吴鹿洺按照温斯沅给的指示一路走,出了车站,一眼就瞧见了人群里最高的温斯沅。

    今天天气暖,温斯沅就穿了件米白色的针织毛衣。

    他站在车站外的某个指示牌下,垂着脑袋正在看手机,斯文的金边眼镜挂在鼻梁上往下落了几分,身上惯有的严肃气息在冬日的暖风里似乎有见缓。

    出挑的身高加上长相,周围路过的人总难免要多看他两眼。

    吴鹿洺这一整个寒假都很想他。

    但今天人到了眼前,他发现之前都还不够想。

    他有点想过去就扑进温斯沅怀里,不过车站外人实在太多,因此他只是走到温斯沅跟前,抬手替温斯沅扶正了温斯沅鼻梁上滑下的眼镜。

    就在他的手扶完眼镜要落下时,被眼前的人一把抓住。

    温斯沅收起手机看向他,握着他的手似乎是在探他手的温度,见他手不凉,这才松开,而后拿下他背上背着的包,道:“我开了我爸的车来,就在附近。”

    吴鹿洺点点头跟着他走。

    找到车后一个上驾驶座一个上副驾驶座,动作平常得仿佛没有分别一个月,只是寻常地开车出门去逛个超市。

    吴鹿洺正这么想时,已经在驾驶座坐好的温斯沅忽地倾身到副驾驶座,从他手中接过了拉到一半的安全带,替他系上。

    温斯沅动作时气息来回在吴鹿洺颈间。

    温热的有点痒,吴鹿洺下意识伸手去碰。

    手刚抬到半空中,忽地被一只大手抓住。

    替他系好安全带的温斯沅抬起头,将他搂在了副驾驶座亲。

    刚才没感觉出来的那股分别味道,吴鹿洺从温斯沅的吻里感受到了。

    温斯沅大多数时候亲他都是慢条斯理的,偶尔会逗弄一下他,但基本都柔和得以照顾他的感受为主。

    今天温斯沅的吻跟以往哪次都不一样,很凶,霸道得像是要把他拆吞入腹。

    吴鹿洺整个人被压在副驾驶座上,仰着脑袋有些喘不过气。

    嘴巴被温斯沅亲得火烧火燎的,温斯沅搂着他的手臂像是要将他整个人都嵌进自己的身体里。

    这样激烈交流的吻还是第一次,因此吴鹿洺被亲完后好半晌没回过神。

    直到车开到半路,温斯沅开口说了话:“来之前吃过午饭吗?”

    吴鹿洺答应了声:“吃过。
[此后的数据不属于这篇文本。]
(* Let $F:P\to\mathbb R^{\mathbf C}$ be a nontrivial, $\mathbb R$-linear, neutral cardinal welfare function. Then $F$ satisfies the IIA criterion if and only if $|\lambda|=2$.
   Context: Fix an integer $n\ge 2$ and a set $\mathbf C$ of $n$ candidates. Fix a composition $\lambda=(\lambda_1,\dots,\lambda_m)$ of $n$ (positive integers with $\sum_i\lambda_i=n$), write $|\lambda|=m$ and $[m]=\{1,\dots,m\}$. A ballot is a function $b:\mathbf C\to[m]$ with $|b^{-1}(i)|=\lambda_i$ for every $i$; $\mathbf C_\lambda$ denotes the set of ballots. The profile space is $P=\mathbb R^{\mathbf C_\lambda}$ with basis $\{\delta_b\}$ (indicator functions) and inner product $\mathbf p\cdot\mathbf q=\sum_b\mathbf p(b)\mathbf q(b)$. For candidates $X,Y$: $\mathbf a_{X>Y}=\sum_{b:\,b(X)<b(Y)}\delta_b$. Two profiles are $X,Y$-equivalent, $\mathbf p\sim_{X,Y}\mathbf q$, if $(\mathbf p-\mathbf q)\cdot\mathbf a_{X>Y}=0$ and $(\mathbf p-\mathbf q)\cdot\mathbf a_{Y>X}=0$. A cardinal welfare function (CWF) is any map $F:P\to\mathbb R^{\mathbf C}$; it is trivial if for every $\mathbf p$ the function $F(\mathbf p):\mathbf C\to\mathbb R$ is constant. The symmetric group $S_{\mathbf C}$ acts on $\mathbf C_\lambda$ by $\sigma.b=b\circ\sigma^{-1}$, on $P$ by linearly extending $\sigma.\delta_b=\delta_{\sigma.b}$, and on $\mathbb R^{\mathbf C}$ by $(\sigma.f)(X)=f(\sigma^{-1}X)$; $F$ is neutral if $F(\sigma.\mathbf p)=\sigma.F(\mathbf p)$ for all $\sigma,\mathbf p$. $F$ satisfies the IIA criterion (independence of irrelevant alternatives) if for every ordered pair of distinct candidates $X,Y$ and all $\mathbf p,\mathbf q\in P$ with $\mathbf p\sim_{X,Y}\mathbf q$, $F(\mathbf p)(X)>F(\mathbf p)(Y)$ implies $F(\mathbf q)(X)>F(\mathbf q)(Y)$. *)

From HB Require Import structures.
From mathcomp Require Import all_boot all_order all_algebra all_fingroup.
Set Implicit Arguments. Unset Strict Implicit. Unset Printing Implicit Defensive.
Import Order.TTheory GRing.Theory Num.Theory.
Local Open Scope ring_scope.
”

    城镇的道路虽然不如大城市宽,但车辆不多,一路上几乎都畅通无阻。

    “放假都在家做些什么?”温斯沅仿佛很寻常地问。

    吴鹿洺晕乎乎地下意识回答:“跟家人看看电视吃吃饭,就……平时电话里跟你说的那些。”

    他这个回答落下后,温斯沅有片刻的沉默。

    但吴鹿洺这会注意力不太集中,并没有注意到。

    不多时温斯沅再次开口,揭过了这个话题。

    温家门前并没有停车的地方。

    因此温斯沅把车停下后,两人还有一小段路要走。

    这一小段路要经过各户人家。

    整个镇开电瓶车半小时就能逛完,邻里间几乎都能认个脸熟。

    今天是个热闹日子,十户人家里能见六七户人家门前有人。

    基本上都是大人带着小孩,小孩穿着大红的喜庆衣服,一个个都被打扮得像年画上的娃娃。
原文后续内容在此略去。